Novel Light-Induced States in Triangular Metallic Magnet

TL;DR

This study investigates light-induced nonequilibrium magnetic states in a triangular lattice model, discovering various exotic magnetic orders and electronic band evolutions through molecular dynamics simulations.

Contribution

It systematically explores and identifies novel light-induced magnetic states in a triangular lattice model, revealing potential for optical control of magnetic and electronic properties.

Findings

Discovery of vortex and long-range magnetic orders under light irradiation

Observation of electron band evolution correlating with magnetic states

Identification of quasi-long-range magnetic order at specific lattice points

Abstract

Novel nonequilibrium states of magnet induced by light attract considerable attention both in nature of physics and apply.
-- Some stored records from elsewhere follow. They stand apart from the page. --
Lemma block_eq0 (A B : {set T}) (f : T -> T -> F) :
  (#|A| <= 2)%N -> (#|B| <= 2)%N -> #|A|%:R != 0 :> F -> #|B|%:R != 0 :> F ->
  {in A &, forall y y', \sum_(z in B) f y z = \sum_(z in B) f y' z} ->
  {in B &, forall z z', \sum_(y in A) f y z = \sum_(y in A) f y z'} ->
  \sum_(y in A) \sum_(z in B) f y z = 0 ->
  \sum_(y in A) \sum_(z in B) f y z ^+ 2 = 0 ->
  {in A & B, forall y z, f y z = 0}.
Proof.
move=> A2 B2 nzA nzB row_const col_const sum0 sqr_sum0 y0 z0 Ay0 Bz0.
have row0 := eq0_of_const_sum_eq0 nzA row_const sum0.
have col0 := eq0_of_const_sum_eq0 nzB col_const (etrans (exchange_big _ _ _ _ _ _) sum0).
have : f y0 z0 ^+ 2 *+ #|B| *+ #|A| = 0.
  rewrite -{}sqr_sum0 -sumr_const; apply: eq_bigr => y Ay.
  rewrite -sumr_const; apply: eq_bigr => z Bz.
  rewrite (sqr_eq_of_sum_eq0 (g := f y) B2 (row0 y Ay) Bz Bz0).
  by rewrite (sqr_eq_of_sum_eq0 (g := f^~ z0) A2 (col0 z0 Bz0) Ay Ay0).
rewrite -mulrnA -mulr_natr => /eqP.
by rewrite natrM !mulf_eq0 (negPf nzA) (negPf nzB) !orbF orbb => /eqP.
Qed.
End ZeroSumBlocks.

Lemma const_mx1_sandwich (K : pzRingType) n (D : 'M[K]_n) :
  const_mx 1 *m D *m const_mx 1 = (\sum_i \sum_j D i j) *: (const_mx 1 : 'M_n).
Proof.
apply/matrixP => i j; rewrite !mxE mulr1 exchange_big.
by apply: eq_bigr => k _; rewrite !mxE mulr1; apply: eq_bigr => l _; rewrite mxE mul1r.
Qed.

Section MatricesOverFinType.
Variables (K : pzRingType) (X : finType).
Implicit Types (M N Y : 'M[K]_#|X|) (S : {set X}).

Definition entry M (y z : X) : K := M (enum_rank y) (enum_rank z).
Lemma rep_val_ge_head (r : rat) x c : 0 <= r -> x%:R <= rep_val r (x :: c).
Proof. by move=> hr; rewrite rep_val_cons lerDl mulr_ge0 // rep_val_ge0. Qed.

Lemma rep_val_eq0 (r : rat) c : 0 < r -> rep_val r c = 0 -> sumn c = 0%N.
Proof.
move=> hr; elim: c => [|x c IH] //; rewrite rep_val_cons => h.
have hrc : 0 <= r * rep_val r c by rewrite mulr_ge0 ?rep_val_ge0 // ltW.
have hx : x%:R = 0 :> rat by apply/le_anti; rewrite ler0n andbT -h lerDl.
have : r * rep_val r c = 0 by rewrite -h hx add0r.
move/eqP; rewrite mulf_eq0 (gt_eqF hr) /= => /eqP /IH ->.
by move: hx => /eqP; rewrite pnatr_eq0 => /eqP ->.
Qed.

Lemma sumn0_rep_val (r : rat) c : sumn c = 0%N -> rep_val r c = 0.
Proof.
elim: c => [|x c IH]; first by rewrite rep_val_nil.
move=> /= /eqP; rewrite addn_eq0 => /andP [/eqP -> /eqP /IH].
by rewrite rep_val_cons => ->; rewrite mulr0 addr0.
Qed.

Lemma rep_val_rcons (r : rat) c x :
  rep_val r (rcons c x) = rep_val r c + x%:R * r ^+ size c.
Proof.
elim: c => [|y c IH] /=; first by rewrite rep_val_cons !rep_val_nil expr0; ring.
by rewrite !rep_val_cons IH exprS; ring.
Qed.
In this work, we systematically explore the electronic and magnetic states of a double-exchange model on a triangular lattice under the irradiation of circularly polarized continuous wave field, by means of molecular dynamics calculation. Several exotic nonequilibrium magnetic states are discovered, including a vortex state, long-range magnetic orders at the $\Gamma$ and $\textbf{K}/2$, as well as quasi(dynamical)-long-range magnetic order at the $\textbf{K}$ and $\textbf{M}$, respectively. Correspondingly, the evolution of electron bands and fillings are also uncovered. These results offer a promising candidate approach for the optical control of exotic magnetic and electronic states.